That seems to imply that as society advances, abortion will be prohibited, at least at stages where the fetus has as much mental capacity as an animal.

Jiro - I honestly wouldn’t be surprised through development of advanced contraceptives. Abortion as it currently stands is a last resort anyhow. Most people nowadays will take the pill, etc (a relatively recent development). A lot of the blowback to abortion has been centered on value of life - I don’t think it’s a stretch to imagine some entrepreneur addressing that through advanced permanent contraceptive until such a time as a child will be wanted. Additionally, I’m aware that there can be pretty serious PTSD following abortion, and severe guilt associated with the termination of a potential sentient. I think circumstance and lack of sufficiently advanced technology in the present forces people to run a cost-benefit analysis and arrive at the conclusion that an abortion is necessary (as time is limited).

A sentient AI able to transcend spatiotemporal boundaries wouldn’t be limited by time.

You don't have to kill anyone, you merely have to imply that they will be killed, such that the probability of future utility being equal or higher to past/present is lower than the probability of it lower than past/present utility. 20-30 years is a lot of people, manipulate events such that in the infinite years that follow there is never a higher probability of there being more people than existed and were aware than in those 20-30 years.

An interesting point I'd add is you don't need this probability to be true, you merely have to believe it to be true. You can only be blackmailed if threats are credible believed. If you honestly believe the probability as discussed is in your favour and more know and don't contribute than would ever exist/know and contribute then there is no benefit in blackmail as you truthfully believe yourself safe from it. Further, you can protect yourself further by having one person deceive all others of the truth of the probability such that they honestly believe it to be in their favour. The probability is false in this case but one man sacrifices himself to protect the many, very utilitarian (An act of utilitarian goodness I'm sure an AI could never reason deserves punishment as it allows for the creation of the AI but also the protection of people from punishment, resulting in a higher overall utility than would occur from creation with punishment).

As for Acausal trade I can again only conceive of it working to the extent that one believes in it. ("I do believe in fairies", if you don't like fairies stop believing in them and they disappear, how can an AI or God reasonably punish you if you honestly didn't believe in it. Does anyone truly condemn the men who reject the man who has seen the sun after escaping the cave?

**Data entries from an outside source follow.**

(* Inserting the adjacent pair {k, k+1} (the map I_k) changes no covering
   condition: the new pair is just one more tile of a 0-covering, and since no
   other pair has an endpoint in {k, k+1}, a covering of I_k B never starts or
   ends inside it and can be pulled back to B.  Hence B lies in 'X^+_{M-2}
   exactly when I_k B lies in 'X^+_M, for every admissible k.  Conversely, in
   an element of 'X^+ with a B^1 pair, the innermost pair of a nest of B^1
   pairs is adjacent, so the element is I_j of a smaller one; and in an element
   without B^1 pairs every gap is empty, which forces the B^0 endpoints to be
   1, ..., s, M-s-1, ..., M-2 and the set to be one of 'Pr^+.  Induction on M
   then reproduces the recursive definition of #X^+. *)

From HB Require Import structures.
From mathcomp Require Import all_boot finmap zify.
From Stdlib Require Import Classical.

Set Implicit Arguments.
Unset Strict Implicit.
Unset Printing Implicit Defensive.

Local Open Scope fset_scope.

Definition iota_inv (k h : nat) : nat := if h < k then h else h - 2.

Section IotaArith.
Variable k : nat.
Local Notation io := (iota_k k).

Lemma iota_kK : cancel io (iota_inv k).
Proof. by move=> h; rewrite /iota_inv /iota_k; case: (ltnP h k) => ?; case: ifP; lia. Qed.

Lemma iota_invK h : h != k -> h != k.+1 -> io (iota_inv k h) = h.
Proof. by rewrite /iota_inv /iota_k => ? ?; case: (ltnP h k) => ?; case: ifP; lia. Qed.

Lemma iota_k_inj : injective io.
Proof. exact: can_inj iota_kK. Qed.

Lemma ltn_iota a b : (io a < io b) = (a < b).
Proof. by rewrite /iota_k; case: (ltnP a k) => ?; case: (ltnP b k) => ?; apply/idP/idP; lia. Qed.

Lemma leq_iota a b : (io a <= io b) = (a <= b).
Proof. by rewrite leqNgt ltn_iota -leqNgt. Qed.

Lemma iota_k_neq h : io h != k /\ io h != k.+1.
Proof. by rewrite /iota_k; case: (ltnP h k) => ?; split; apply/eqP; lia. Qed.

Lemma odd_iota_k h : odd (io h) = odd h.
Proof. by rewrite /iota_k; case: ifP => //= _; rewrite negbK. Qed.

Lemma odd_sub_iota a b : odd (io b - io a) = odd (b - a).
Proof.
rewrite /iota_k; case: (ltnP a k) => ?; case: (ltnP b k) => ? //.
- by rewrite !subSn ?negbK //; lia.
- have -> : b - a.+2 = 0 by lia.
  by have -> : b - a = 0 by lia.
Qed.

Lemma iota_k_small h : h < k -> io h = h.
Proof. by rewrite /iota_k => ->. Qed.

Lemma iota_k_big h : k <= h -> io h = h.+2.
Proof. by rewrite /iota_k ltnNge => ->. Qed.

Lemma iota_kS h : h.+1 != k -> io h.+1 = (io h).+1.
Proof. by rewrite /iota_k => ?; case: (ltnP h k) => ?; case: ifP; lia. Qed.

Lemma iota_k_bounds h : h <= io h <= h.+2.
Proof. by rewrite /iota_k; case: ifP; lia. Qed.

Lemma iota_k_pred h : h != k -> io h.-1 = (io h).-1.
Proof. by rewrite /iota_k => ?; case: (ltnP h k) => ?; case: ifP; lia. Qed.

Lemma iota_inv_pred h : iota_inv k (io h).-1 = h.-1.
Proof. by rewrite /iota_k /iota_inv; case: (ltnP h k) => ?; case: ifP; lia. Qed.

Hypothesis k_gt0 : 0 < k.

Lemma iota_k0 : io 0 = 0.
Proof. exact: iota_k_small. Qed.

Lemma iota_k_gt0 h : (0 < io h) = (0 < h).
Proof. by rewrite /iota_k; case: ifP => ?; apply/idP/idP; lia. Qed.

End IotaArith.

Lemma fset2C (a b : nat) : [fset a; b] = [fset b; a].
Proof. exact: fsetUC. Qed.

Lemma fset2_inj (a b c d : nat) : [fset a; b] = [fset c; d] ->
  (a = c /\ b = d) \/ (a = d /\ b = c).
Proof.
move=> E.
have [] : a \in [fset c; d] /\ b \in [fset c; d] by rewrite -E !inE !eqxx orbT.
have [] : c \in [fset a; b] /\ d \in [fset a; b] by rewrite E !inE !eqxx orbT.
by rewrite !inE => /orP[]/eqP ? /orP[]/eqP ? /orP[]/eqP ? /orP[]/eqP ?; lia.
Qed.

Lemma cardfs2P (X : {fset nat}) : #|` X| = 2 -> exists a b, a < b /\ X = [fset a; b].
Proof.
move=> X2; have: X != fset0 by rewrite -cardfs_eq0 X2.
case/fset0Pn => x xX.
have := cardfsD1 x X; rewrite xX X2 => /= E.
have /cardfs1P [y Ey] : #|` X `\ x| == 1 by rewrite -(eqn_add2l 1) -E.
have : y \in X `\ x by rewrite Ey inE.
rewrite in_fsetD1 => /andP [yx _].
have EX : X = [fset x; y] by rewrite -Ey fsetD1K.
case: (ltngtP x y) => [xy|yx'|xy]; [by exists x, y | by exists y, x; rewrite EX fset2C|].
by rewrite xy eqxx in yx.
Qed.

Lemma fsetI_eq0P (X Y : {fset nat}) :
  X `&` Y = fset0 <-> forall h, h \in X -> h \notin Y.
Proof.
split=> [/eqP | /fdisjointP /disjoint_fsetI0 //].
by rewrite fsetI_eq0 => /fdisjointP.
Qed.

Definition fset_iota (k : nat) (X : {fset nat}) : {fset nat} := [fset iota_k k h | h in X].

Section FsetIota.
Variable k : nat.
Local Notation io := (iota_k k).

Lemma mem_fset_iota (X : {fset nat}) h : (io h \in fset_iota k X) = (h \in X).
Proof. exact/mem_imfset/iota_k_inj. Qed.

Lemma fset_iota_inj : injective (fset_iota k).
Proof. by move=> X Y E; apply/fsetP => h; rewrite -!(mem_fset_iota _ h) E. Qed.

Lemma card_fset_iota (X : {fset nat}) : #|` fset_iota k X| = #|` X|.
Proof. exact/card_imfset/iota_k_inj. Qed.

Lemma fset_iota2 a b : fset_iota k [fset a; b] = [fset io a; io b].
Proof. by rewrite /fset_iota imfsetU1 imfset_fset1. Qed.

Lemma fset_iota_neq (X : {fset nat}) h : h \in fset_iota k X -> h != k /\ h != k.+1.
Proof. by case/imfsetP => x _ ->; apply: iota_k_neq. Qed.

Lemma mem_I_k_iota (B : {fset {fset nat}}) X : (fset_iota k X \in I_k k B) = (X \in B).
Proof.
rewrite /I_k in_fsetU in_fset1.
have -> : (fset_iota k X == [fset k; k.+1]) = false.
  apply/negbTE/negP => /eqP E.
  have : k \in fset_iota k X by rewrite E !inE eqxx.
  by case/fset_iota_neq => /eqP.
by rewrite orbF (mem_imfset _ _ fset_iota_inj).
Qed.

Lemma mem_I_kP (B : {fset {fset nat}}) (Y : {fset nat}) : Y \in I_k k B ->
  Y = [fset k; k.+1] \/ exists2 X, X \in B & Y = fset_iota k X.
Proof.
by rewrite /I_k in_fsetU in_fset1 => /orP [/imfsetP [X XB ->]|/eqP ->];
  [right; exists X | left].
Qed.

Lemma mem_I_k_adjacent (B : {fset {fset nat}}) (Y : {fset nat}) : (k \in Y) || (k.+1 \in Y) ->
  (Y \in I_k k B) = (Y == [fset k; k.+1]).
Proof.
move=> kY; apply/idP/eqP => [/mem_I_kP [//|[X _ EY]] | ->]; last first.
  by rewrite /I_k !inE eqxx orbT.
by move: kY; rewrite EY => /orP [] /fset_iota_neq []; rewrite eqxx.
Qed.

End FsetIota.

No, we reject those who know the truth but try to suppress it) The less you take it seriously the lower the probability of it working. And I'm fairly convinced there is a lot of reason to not take it seriously. However, the best one I think is pure in-the-moment selfishness. An attitude that can come very easily for even the most educated of people. So in regards to the Acausal trade issue I think we are in agreement that it is amusingly unlikely at best.